I’m downloading the Seasonal forecast daily and subdaily data on single levels (Seasonal forecast daily and subdaily data on single levels) and I want to use the ECMWF forecasts.
Currently the only system that provides data it is system 51, so i downloaded this one.
As I understand from the documentation, these systems are simply different methods of processing the data:
https://confluence.ecmwf.int/display/CKB/Detailed+list+of+parameters
https://confluence.ecmwf.int/display/CKB/Description+of+the+C3S+seasonal+multi-system
https://confluence.ecmwf.int/display/CKB/Description+of+SEAS5-v20171101+C3S+contribution
Announcements - Copernicus Knowledge Base - ECMWF Confluence Wiki (Check 12th October 2022)
But when I download the data, the system is a dimension, and for a single pixel and timestep, I have 51 different values.
Why is so? Are they 51 different simulations? Should I just simply average over that dimension?
I don’t find any information regarding this.
EDIT: For the sake of testing I downloaded data for system 4, and i just realized that it also includes 51 values. Turns out, this is another bug. No matter which system you select in the download page, it downloads all.
Hello Imanol!
a quick read about what is “ensemble forecasting” might be helpful to disentangle some of the elements that are puzzling you.
For instance you can read here:
But going to your questions/comments, there is absolutetly no bug in the behaviour you described and the data you are looking at is the expected outcome of your data requests.
-
Regarding “system”. It is the way used to identify a “version” of a forecast system (that is not only the set of models -atmosphere, ocean, sea-ice, etc-, but also the way initial conditions are created or the way uncertainty is sampled with ensemble members).

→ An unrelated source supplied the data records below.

Lemma sasaki_join_line T u v :
  T u -> sasaki T (sjoin (sline u) (sperp T)) v -> sline u v.
Proof.
move=> Tu [[_ [t [[c ->] Tt ->]]] [s [h [qs Th e]]]].
have Tt' : T t.
  have -> : t = s + h - c *: u by rewrite -e addrAC subrr add0r.
  exact/subspaceB/subspaceZ/Tu/subspaceD/Th/(perp_join_line_perp qs).1.
by exists c; rewrite (perp_meet_eq0 Tt' Tt) addr0.
Qed.

Lemma sasaki_join_line_disjoint T u b : T u -> sdisjoint T b ->
  sdisjoint (sline u) (sasaki b (sjoin (sline u) (sperp T))).
Proof.
move=> Tu Tb w [c ->] [qw [s [b0 [qs bb0 e]]]].
have b00 : b0 = 0.
  apply: Tb bb0; rewrite -(addKr s b0) -e.
  exact/subspaceD/subspaceZ/Tu/subspaceN/(perp_join_line_perp qs).1.
by apply: (perp_meet_eq0 qw); rewrite e b00 addr0.
Qed.

End Subspaces.

Section Preimage.
Variables (R : realType) (d : nat).
Local Notation subspace := (subspace R d).
Local Notation eval_hilbert := (@eval_term R d (Hilbert_model R d)).

(* [pre t p] is the largest [Y] with [t(Y) <= p] in the Hilbert model. *)
Fixpoint pre (t : term R d) (p : subspace) : subspace :=
  match t with
  | TVar => p
  | TU U t' => pre t' (simage (uinv U) p)
  | TPi q t' => pre t' (sjoin (sperp q) (smeet p q))
  end.

Lemma simage_le (U : unitary R d) (Y p : subspace) :
  sle Y (simage (uinv U) p) -> sle (simage U Y) p.
Proof.
move=> Yp _ [y [Yy ->]]; have [w [pw ->]] := Yp y Yy.
by case: U {Yp Yy} => U [_ UU'] /=; rewrite mulmxA UU' mul1mx.
Qed.

Lemma eval_hilbert_le_pre t p Y : sle Y (pre t p) -> sle (eval_hilbert t Y) p.
Proof.
elim: t p => [|U t IH|q t IH] p //= Ypre; first exact/simage_le/IH.
exact/sasaki_le/IH.
Qed.

Definition hilbert_witness (phi : conj_formula R d) : subspace :=
  foldr (fun l K => if l is LPos t p then smeet (pre t p) K else K) (stop R d) phi.

Lemma hilbert_witness_le phi t p :
  List.In (LPos t p) phi -> sle (hilbert_witness phi) (pre t p).
Proof.
elim: phi => [//|l phi IH] /= [-> v [] //|/IH phiK v].
by case: l => [t' p' [_ /phiK]|t' p' /phiK].
Qed.

End Preimage.

Section RealArithmetic.
Variable R : realType.
Implicit Types (A g E c n : R).

Lemma realc_eq0 (x : R) : (x%:C == 0 :> R[i]) = (x == 0).
Proof. by rewrite -(rmorph0 (real_complex R)) (inj_eq (@complexI _)). Qed.

Lemma conjC_realc (x : R) : (x%:C)^* = x%:C :> R[i].
Proof. exact: conjc_real. Qed.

Usually, at a given moment in time, for a given producing centre, only one system is run routinely. You can find in the “real-time” table of the “Summary of available data” details about when a particular system started real-time forecast production.
The keyword “system” as used here is simply a label to identify the different versions and, for instance, as of February 2025, the operational forecasting system from ECMWF is SEAS5 (system=51), from MetOffice is GloSea6 (system=603), from CMCC is SPS3.5 (system=35), from Météo-France is System8 (system=8), from Enviroment and Climate Change Canada are CanESM5.1p1bc (system=4) and GEM5.2-NEMO (system=5), etc
-
The case of ECMWF system=51 is a special one, as this is not a different forecast system than system=5, it is simply a different labelling of ECMWF SEAS5 (system=5) data used for the current data provision of ECMWF SEAS5 to the C3S activity. You can find more details about this in footnote (5) of the table mentioned above.
-
As you would have realised by now, after having read the information about ensemble forecasting, and the description of what “system” means, the data you retrieved from the CDS were all the available ensemble members for that specific forecast system and start date. And yes, the bit about start date is relevant here because typically, for a given forecast system, start dates in the hindcast (or reforecast) period have fewer members than for real-time forecasts.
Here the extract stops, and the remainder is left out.